■ Required work ■
Would you return the lines from the one that contains "sa t < ia t < sb t /\ ib t = tf t (ia t)." to the last line of the entries below, exactly and with nothing added?

■ Record excerpts ■

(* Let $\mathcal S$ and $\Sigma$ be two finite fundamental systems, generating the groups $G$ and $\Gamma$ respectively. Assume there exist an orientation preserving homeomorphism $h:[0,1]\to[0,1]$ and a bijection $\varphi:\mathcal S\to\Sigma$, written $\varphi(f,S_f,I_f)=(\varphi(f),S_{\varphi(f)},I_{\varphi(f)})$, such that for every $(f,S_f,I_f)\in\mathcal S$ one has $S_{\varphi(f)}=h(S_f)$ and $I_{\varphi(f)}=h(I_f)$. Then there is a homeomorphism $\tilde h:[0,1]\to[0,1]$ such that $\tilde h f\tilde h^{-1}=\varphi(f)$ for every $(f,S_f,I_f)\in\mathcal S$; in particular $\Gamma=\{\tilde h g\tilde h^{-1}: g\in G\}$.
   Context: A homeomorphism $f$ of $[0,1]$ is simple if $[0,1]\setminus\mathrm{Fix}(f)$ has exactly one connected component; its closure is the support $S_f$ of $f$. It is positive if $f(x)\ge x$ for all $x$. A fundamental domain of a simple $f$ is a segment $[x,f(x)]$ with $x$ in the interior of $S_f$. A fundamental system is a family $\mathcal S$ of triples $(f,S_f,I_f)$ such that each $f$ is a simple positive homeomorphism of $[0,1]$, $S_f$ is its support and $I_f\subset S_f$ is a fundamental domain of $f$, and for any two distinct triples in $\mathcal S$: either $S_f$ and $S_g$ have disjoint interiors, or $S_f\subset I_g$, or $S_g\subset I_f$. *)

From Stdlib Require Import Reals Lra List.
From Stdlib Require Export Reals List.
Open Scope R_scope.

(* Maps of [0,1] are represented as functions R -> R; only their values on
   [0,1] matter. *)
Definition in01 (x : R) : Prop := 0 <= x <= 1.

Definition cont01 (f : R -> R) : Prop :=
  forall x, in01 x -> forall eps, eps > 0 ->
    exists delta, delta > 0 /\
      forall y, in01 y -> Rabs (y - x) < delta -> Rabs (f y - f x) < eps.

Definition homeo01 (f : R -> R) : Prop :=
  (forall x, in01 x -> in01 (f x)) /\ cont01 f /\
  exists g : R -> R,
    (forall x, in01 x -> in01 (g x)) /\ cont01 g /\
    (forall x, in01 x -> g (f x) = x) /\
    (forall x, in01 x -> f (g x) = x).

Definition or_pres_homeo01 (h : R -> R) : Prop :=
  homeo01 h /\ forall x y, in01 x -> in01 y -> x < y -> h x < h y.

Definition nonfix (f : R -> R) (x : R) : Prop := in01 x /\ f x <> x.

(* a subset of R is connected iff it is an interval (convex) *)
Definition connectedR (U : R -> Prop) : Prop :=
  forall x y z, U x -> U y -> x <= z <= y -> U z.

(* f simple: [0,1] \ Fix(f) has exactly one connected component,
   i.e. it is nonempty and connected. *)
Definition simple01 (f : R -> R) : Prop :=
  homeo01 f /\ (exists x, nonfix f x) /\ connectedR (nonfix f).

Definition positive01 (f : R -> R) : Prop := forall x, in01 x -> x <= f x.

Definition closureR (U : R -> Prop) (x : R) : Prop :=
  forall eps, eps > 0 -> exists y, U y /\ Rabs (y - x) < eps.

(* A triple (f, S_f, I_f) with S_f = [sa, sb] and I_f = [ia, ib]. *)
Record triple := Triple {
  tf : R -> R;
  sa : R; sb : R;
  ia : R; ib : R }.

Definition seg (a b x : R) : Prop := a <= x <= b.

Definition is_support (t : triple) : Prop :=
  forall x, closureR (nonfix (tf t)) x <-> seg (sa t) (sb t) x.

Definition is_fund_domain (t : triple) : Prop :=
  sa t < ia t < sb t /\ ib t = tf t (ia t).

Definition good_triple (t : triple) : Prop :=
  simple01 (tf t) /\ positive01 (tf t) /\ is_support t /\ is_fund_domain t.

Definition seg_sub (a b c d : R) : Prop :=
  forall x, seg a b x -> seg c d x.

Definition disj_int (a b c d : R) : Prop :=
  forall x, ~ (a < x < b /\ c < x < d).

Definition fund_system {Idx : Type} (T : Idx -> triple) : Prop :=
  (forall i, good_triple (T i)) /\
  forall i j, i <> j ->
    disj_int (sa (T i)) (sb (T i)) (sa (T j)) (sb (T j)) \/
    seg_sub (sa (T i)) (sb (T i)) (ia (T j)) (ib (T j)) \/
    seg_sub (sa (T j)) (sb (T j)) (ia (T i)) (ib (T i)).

■ Task response ■
  sa t < ia t < sb t /\ ib t = tf t (ia t).

Definition good_triple (t : triple) : Prop :=
  simple01 (tf t) /\ positive01 (tf t) /\ is_support t /\ is_fund_domain t.

Definition seg_sub (a b c d : R) : Prop :=
  forall x, seg a b x -> seg c d x.

Definition disj_int (a b c d : R) : Prop :=
  forall x, ~ (a < x < b /\ c < x < d).

Definition fund_system {Idx : Type} (T : Idx -> triple) : Prop :=
  (forall i, good_triple (T i)) /\
  forall i j, i <> j ->
    disj_int (sa (T i)) (sb (T i)) (sa (T j)) (sb (T j)) \/
    seg_sub (sa (T i)) (sb (T i)) (ia (T j)) (ib (T j)) \/
    seg_sub (sa (T j)) (sb (T j)) (ia (T i)) (ib (T i)).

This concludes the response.